◆ Exercise description
In the material below, the required lines run from the one containing "if [seq x <- verts" through the one containing "have ax0 : has (a x0) verts.". Copy those lines exactly, ends included, and nothing else.

##### Provided data

(* Let $O$ be the regular octahedron in $\mathbb{R}^3$, with its $6$ vertices and $12$ edges, and let $G_O$ be its rotation group (isomorphic to $S_4$, of order $24$). The number of $G_O$-orbits of incomplete open octahedra (as defined in the context) is exactly $185$.
   Context: Let $P$ be a convex polyhedron in $\mathbb{R}^3$ with vertex set $V$ and edge set $E$ (each edge a pair of vertices). For a subset $S\subseteq E$, let $V(S)$ be the set of vertices incident to at least one edge of $S$, and let $\Gamma(S)$ be the graph with vertex set $V(S)$ and edge set $S$. An incomplete open $P$ is a subset $S\subseteq E$ such that: (i) $S\neq\emptyset$ and $S\neq E$; (ii) $\Gamma(S)$ is connected; (iii) $S$ is non-planar, i.e. the points of $V(S)$ (as points of $\mathbb{R}^3$) are not all contained in a single affine plane. The rotation group of $P$ (orientation-preserving isometries of $\mathbb{R}^3$ mapping $P$ to itself) permutes $V$ and $E$, and hence acts on subsets of $E$; this action preserves the property of being an incomplete open $P$. Incomplete open $P$ are counted up to this action, i.e. one counts orbits; two mirror-image subsets not related by a rotation are counted separately. *)

From HB Require Import structures.
From mathcomp Require Import all_boot all_order all_algebra fingroup perm.
From mathcomp Require Import boolp reals.
Set Implicit Arguments. Unset Strict Implicit. Unset Printing Implicit Defensive.
Import Order.TTheory GRing.Theory Num.Theory.
Local Open Scope ring_scope.

(* Regular octahedron O = conv{±e1, ±e2, ±e3}.  Vertices are indexed by 'I_6:
   vertex i lies on axis i./2, with sign + if i is even and - if i is odd.   *)
Definition oct_vert (R : realType) (i : 'I_6) : 'rV[R]_3 :=
  \row_(k < 3) (if (k : nat) == (i : nat)./2 then (if odd i then -1 else 1) else 0).

(* Edges of O: unordered pairs {i,j} of distinct, non-antipodal vertices
   (antipodal = same axis).  There are 12 of them. *)
Definition oct_edges : {set {set 'I_6}} :=
  [set e : {set 'I_6} | [exists i : 'I_6, exists j : 'I_6,
      (e == [set i; j]) && ((i : nat)./2 != (j : nat)./2)]].

Definition Vset (S : {set {set 'I_6}}) : {set 'I_6} := \bigcup_(e in S) e.

Definition adjS (S : {set {set 'I_6}}) : rel 'I_6 :=
  fun x y => [set x; y] \in S.

Definition Gamma_connected (S : {set {set 'I_6}}) : Prop :=
  forall x y, x \in Vset S -> y \in Vset S -> connect (adjS S) x y.

Definition dotR (R : realType) (u v : 'rV[R]_3) : R := \sum_(k < 3) u 0 k * v 0 k.

Definition planar (R : realType) (S : {set {set 'I_6}}) : Prop :=
  exists (n : 'rV[R]_3) (c : R),
    n != 0 /\ forall i, i \in Vset S -> dotR n (oct_vert R i) = c.

Definition incomplete_open (R : realType) (S : {set {set 'I_6}}) : Prop :=
  [/\ S \subset oct_edges, S != set0, S != oct_edges,
      Gamma_connected S & ~ planar R S].

Definition is_rotation (R : realType) (g : {perm 'I_6}) : Prop :=
  exists (M : 'M[R]_3) (b : 'rV[R]_3),
    [/\ M *m M^T = 1%:M, \det M = 1 &
        forall i, oct_vert R i *m M + b = oct_vert R (g i)].

Definition rotations (R : realType) : {set {perm 'I_6}} :=
  [set g | `[< is_rotation R g >]].

Definition act_edges (g : {perm 'I_6}) (S : {set {set 'I_6}}) : {set {set 'I_6}} :=
  [set g @: (e : {set 'I_6}) | e in S].

Definition rot_orbit (R : realType) (S : {set {set 'I_6}}) : {set {set {set 'I_6}}} :=
  [set act_edges g S | g in rotations R].

Definition incomplete_opens (R : realType) : {set {set {set 'I_6}}} :=
  [set S | `[< incomplete_open R S >]].

(* An edge set S of the octahedron is determined by its 12 edge bits, and each
   condition defining an incomplete open octahedron is decidable on them:
   connectivity by depth-first search, and non-planarity because the vertex set
   of S affinely spans space exactly when it contains an antipodal pair and
   meets all three axes.  A vertex permutation comes from a rotation iff it
   commutes with the antipodal map and the signed permutation matrix sending
   e_k to the image of +e_k has determinant 1; the translation part of such an
   isometry vanishes because the vertices sum to 0.  This lists the 24
   rotations explicitly.  The orbit of S is then encoded by the sorted list of
   the edge bits of its images, and the 3627 incomplete open edge sets give
   185 distinct lists. *)

From HB Require Import structures.
From mathcomp Require Import all_boot all_order all_algebra fingroup perm.
From mathcomp Require Import boolp reals ring lra.
Set Implicit Arguments. Unset Strict Implicit. Unset Printing Implicit Defensive.
Import Order.TTheory GRing.Theory Num.Theory Order.DefaultSeqLexiOrder.

Fixpoint subseqs (T : Type) (s : seq T) : seq (seq T) :=
  if s is x :: s' then let r := subseqs s' in r ++ map (cons x) r else [:: [::]].

Lemma filter_subseqs (T : eqType) (a : pred T) (s : seq T) :
  filter a s \in subseqs s.
Proof.
elim: s => [|x s IH] //=; rewrite mem_cat.
by case: (a x); rewrite ?map_f ?IH ?orbT.
Qed.

Lemma subseqs_sub (T : eqType) (s t : seq T) : t \in subseqs s -> {subset t <= s}.
Proof.
elim: s t => [|x s IH] t /=; first by rewrite inE => /eqP ->.
rewrite mem_cat => /orP [] => [/IH sub y ty | /mapP [t' /IH sub ->] y].
  by rewrite inE sub ?orbT.
by rewrite !inE => /orP [->|/sub ->]; rewrite ?orbT.
Qed.

(* Same elements as [undup s], but each item is only compared with the distinct
   items kept so far, which is much faster when [s] has few distinct values. *)
Definition dedup (T : eqType) (s : seq T) : seq T :=
  foldr (fun x acc => if x \in acc then acc else x :: acc) [::] s.

Lemma size_dedup (T : eqType) (s : seq T) : size (dedup s) = size (undup s).
Proof.
have [dedup_uniq mem_dedup] : uniq (dedup s) /\ dedup s =i s.
  elim: s => [|x s [IHu IHm]]; first by [].
  rewrite /=; case: ifP => [xs|/negbT xs].
    by split=> // y; rewrite inE -IHm; case: eqP => // ->.
  by split=> [|y]; rewrite /= ?IHu ?andbT ?inE ?IHm // -IHm.
by apply/perm_size/uniq_perm; rewrite ?undup_uniq // => y; rewrite mem_undup.
Qed.

Lemma size_undup_map (T U V : eqType) (f : T -> U) (g : T -> V) (s : seq T) :
  {in s &, forall x y, (f x == f y) = (g x == g y)} ->
  size (undup (map f s)) = size (undup (map g s)).
Proof.
elim: s => [|x s IH] //= fg.
have fg' : {in s &, forall x y, (f x == f y) = (g x == g y)}.
  by move=> y z ys zs; apply: fg; rewrite inE ?ys ?zs orbT.
have -> : (f x \in map f s) = (g x \in map g s).
  have xy y : y \in s -> (f x == f y) = (g x == g y).
    by move=> ys; apply: fg; rewrite inE ?eqxx ?ys ?orbT.
  by apply/mapP/mapP => -[y ys /eqP]; [rewrite xy | rewrite -xy] => // /eqP; exists y.
by case: (g x \in map g s); rewrite /= IH.
Qed.

Lemma sort_undupP (T : eqType) (le : rel T) (s t : seq T) :
  total le -> transitive le -> antisymmetric le ->
  reflect (s =i t) (sort le (undup s) == sort le (undup t)).
Proof.
move=> le_total le_trans le_anti; apply: (iffP eqP) => [E x|st].
  by rewrite -mem_undup -(mem_sort le) E mem_sort mem_undup.
apply/perm_sortP => //; apply: uniq_perm; rewrite ?undup_uniq // => x.
by rewrite !mem_undup.
Qed.

Lemma map_enum_inj (T : finType) (U : eqType) (f : T -> U) (A B : {set T}) :
  {in A :|: B &, injective f} ->
  map f (enum A) =i map f (enum B) -> A = B.
Proof.
move=> inj_f AB; apply/setP.
suff sub (X Y : {set T}) : X \subset A :|: B -> Y \subset A :|: B ->
    map f (enum X) =i map f (enum Y) -> {subset X <= Y}.
  by move=> x; apply/idP/idP; apply: sub; rewrite ?subsetUl ?subsetUr.
move=> /subsetP XAB /subsetP YAB XY x Xx.
have /mapP [y] : f x \in map f (enum Y) by rewrite -XY map_f ?mem_enum.
by rewrite mem_enum => Yy /inj_f -> //; [apply: XAB | apply: YAB].
Qed.

Lemma card_imset_seq (aT rT : finType) (f : aT -> rT) (A : {set aT}) (s : seq aT) :
  A =i s -> #|f @: A| = size (undup (map f s)).
Proof.
move=> As; rewrite -(card_uniqP (undup_uniq _)); apply: eq_card => y.
by rewrite mem_undup; apply/imsetP/mapP => -[x xA ->]; exists x; rewrite ?As // -As.
Qed.

(* Unlike [enum 'I_n], this enumeration is evaluated by [vm_compute]. *)
Fixpoint ord_seq n : seq 'I_n :=
  if n is n'.+1 then ord0 :: map (lift ord0) (ord_seq n') else [::].

Lemma ord_seqE n : ord_seq n = enum 'I_n.
Proof. by elim: n => [|n IH]; rewrite ?enum_ord0 // enum_ordSl /= IH. Qed.

Lemma dfs_connect (T : finType) (g : T -> seq T) x y :
  (y \in dfs g #|T| [::] x) = connect (grel g) x y.
Proof. by apply/dfsP/connectP. Qed.

Lemma eq_set2 (T : finType) (a b c d : T) :
  ([set a; b] == [set c; d]) = ((a, b) == (c, d)) || ((a, b) == (d, c)).
Proof.
apply/eqP/orP => [E|[] /eqP [-> ->] //]; last exact: setUC.
have mem x : (x \in [set a; b]) = (x \in [set c; d]) by rewrite E.
move: (mem a) (mem b) (mem c) (mem d); rewrite !inE !eqxx /= ?orbT.
by move=> /esym/orP[]/eqP ? /esym/orP[]/eqP ? /orP[]/eqP ? /orP[]/eqP ?;
  subst; rewrite eqxx; auto.
Qed.

Implicit Types (S : {set {set 'I_6}}) (ps : seq ('I_6 * 'I_6)).

Definition verts : seq 'I_6 := ord_seq 6.

Lemma mem_verts i : i \in verts.
Proof. by rewrite /verts ord_seqE mem_enum. Qed.

Lemma uniq_verts : uniq verts.
Proof. by rewrite /verts ord_seqE enum_uniq. Qed.

Lemma size_verts : size verts = 6.
Proof. by rewrite /verts ord_seqE size_enum_ord. Qed.

Lemma nth_verts (x0 i : 'I_6) : nth x0 verts i = i.
Proof. by rewrite /verts ord_seqE nth_ord_enum. Qed.

Fact antipode_subproof (i : 'I_6) : (if odd i then i.-1 else i.+1) < 6.
Proof. by case: i => -[|[|[|[|[|[|]]]]]]. Qed.

Definition antipode (i : 'I_6) : 'I_6 := Ordinal (antipode_subproof i).

Lemma antipodeK : involutive antipode.
Proof. by case=> -[|[|[|[|[|[|]]]]]] // ?; apply: val_inj. Qed.

Lemma eq_antipode i : (i == antipode i) = false.
Proof. by case: i => -[|[|[|[|[|[|]]]]]]. Qed.

Lemma same_axis (i j : 'I_6) : (i./2 == j./2) = (i == j) || (i == antipode j).
Proof. by case: i => -[|[|[|[|[|[|]]]]]] // ?; case: j => -[|[|[|[|[|[|]]]]]]. Qed.

Fact pos_vert_subproof (k : 'I_3) : k.*2 < 6.
Proof. by case: k => -[|[|[|]]]. Qed.

Definition pos_vert (k : 'I_3) : 'I_6 := Ordinal (pos_vert_subproof k).

Lemma eq_pos_vert k l : (pos_vert k == pos_vert l) = (k == l).
Proof. by rewrite -!val_eqE /= (inj_eq double_inj). Qed.

Lemma pos_vert_antipode k l : pos_vert k != antipode (pos_vert l).
Proof.
rewrite -val_eqE /= odd_double; apply/eqP => /(congr1 odd) /=.
by rewrite !odd_double.
Qed.

Lemma vert_cases i : exists k, i = pos_vert k \/ i = antipode (pos_vert k).
Proof.
have lt3 : i./2 < 3 by case: i => -[|[|[|[|[|[|]]]]]].
exists (Ordinal lt3); case: i lt3 => -[|[|[|[|[|[|]]]]]] // ? ?;
by [left; apply: val_inj | right; apply: val_inj].
Qed.

Definition oct_pairs : seq ('I_6 * 'I_6) :=
  [seq p : 'I_6 * 'I_6 <- [seq (x, y) | x <- verts, y <- verts] |
     (p.1 < p.2) && (p.1./2 != p.2./2)].

Lemma mem_oct_pairs p : (p \in oct_pairs) = (p.1 < p.2) && (p.1./2 != p.2./2).
Proof. by case: p => x y; rewrite mem_filter (allpairs_f pair) ?mem_verts // andbT. Qed.

Definition edges_of (ps : seq ('I_6 * 'I_6)) : {set {set 'I_6}} :=
  [set [set p.1; p.2] | p in ps].

Lemma adjS_edges_of ps x y : adjS (edges_of ps) x y = ((x, y) \in ps) || ((y, x) \in ps).
Proof.
apply/imsetP/orP => [[[a b] ab /eqP]|[xy|yx]].
- by rewrite eq_set2 => /orP [] /eqP [-> ->]; [left | right].
- by exists (x, y).
- by exists (y, x); rewrite // setUC.
Qed.

Lemma oct_edgesE : oct_edges = edges_of oct_pairs.
Proof.
apply/setP => e; rewrite inE.
apply/existsP/imsetP => [[i /existsP [j /andP [/eqP -> ax]]]|].
  have [ij|ji|eij] := ltngtP i j.
  - by exists (i, j); rewrite // mem_oct_pairs ij ax.
  - by exists (j, i); rewrite 1?setUC // mem_oct_pairs ji eq_sym ax.
  - by move: ax; rewrite eij eqxx.
case=> -[x y]; rewrite mem_oct_pairs => /andP [_ ax] ->.
by exists x; apply/existsP; exists y; rewrite eqxx ax.
Qed.

Lemma adjS_sym S : symmetric (adjS S).
Proof. by move=> x y; rewrite /adjS setUC. Qed.

Definition reach (a : rel 'I_6) x y : bool :=
  y \in dfs (fun z => [seq w <- verts | a z w]) 6 [::] x.

Lemma reachE a : reach a =2 connect a.
Proof.
move=> x y; have := dfs_connect (fun z => [seq w <- verts | a z w]) x y.
rewrite card_ord /reach => ->; apply: eq_connect => z w.
change ((w \in [seq w <- verts | a z w]) = a z w).
by rewrite mem_filter mem_verts andbT.
Qed.

Definition connected_rel (a : rel 'I_6) : bool :=
  if [seq x <- verts | has (a x) verts] is x0 :: _ then
    all (fun y => has (a y) verts ==> reach a x0 y) verts
  else true.

Lemma connected_relP a : symmetric a ->
  reflect (forall x y, has (a x) verts -> has (a y) verts -> connect a x y)
          (connected_rel a).
Proof.
move=> a_sym; rewrite /connected_rel.
case Ev: [seq x <- verts | has (a x) verts] => [|x0 s].
  constructor=> x y ax; have : x \in [seq x <- verts | has (a x) verts].
    by rewrite mem_filter ax mem_verts.
  by rewrite Ev.
have ax0 : has (a x0) verts.
  by have := mem_head x0 s; rewrite -Ev mem_filter => /andP [].
apply: (iffP allP) => [reach0 x y ax ay|conn y _].
  have r0 y' : has (a y') verts -> connect a x0 y'.
    by move=> ay'; rewrite -reachE; apply: (implyP (reach0 y' (mem_verts y'))).
  by apply: connect_trans (r0 y ay); rewrite sym_connect_sym // r0.
by apply/implyP => ay; rewrite reachE conn.
Qed.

##########

◆ Answer box
  if [seq x <- verts | has (a x) verts] is x0 :: _ then
    all (fun y => has (a y) verts ==> reach a x0 y) verts
  else true.

Lemma connected_relP a : symmetric a ->
  reflect (forall x y, has (a x) verts -> has (a y) verts -> connect a x y)
          (connected_rel a).
Proof.
move=> a_sym; rewrite /connected_rel.
case Ev: [seq x <- verts | has (a x) verts] => [|x0 s].
  constructor=> x y ax; have : x \in [seq x <- verts | has (a x) verts].
    by rewrite mem_filter ax mem_verts.
  by rewrite Ev.
have ax0 : has (a x0) verts.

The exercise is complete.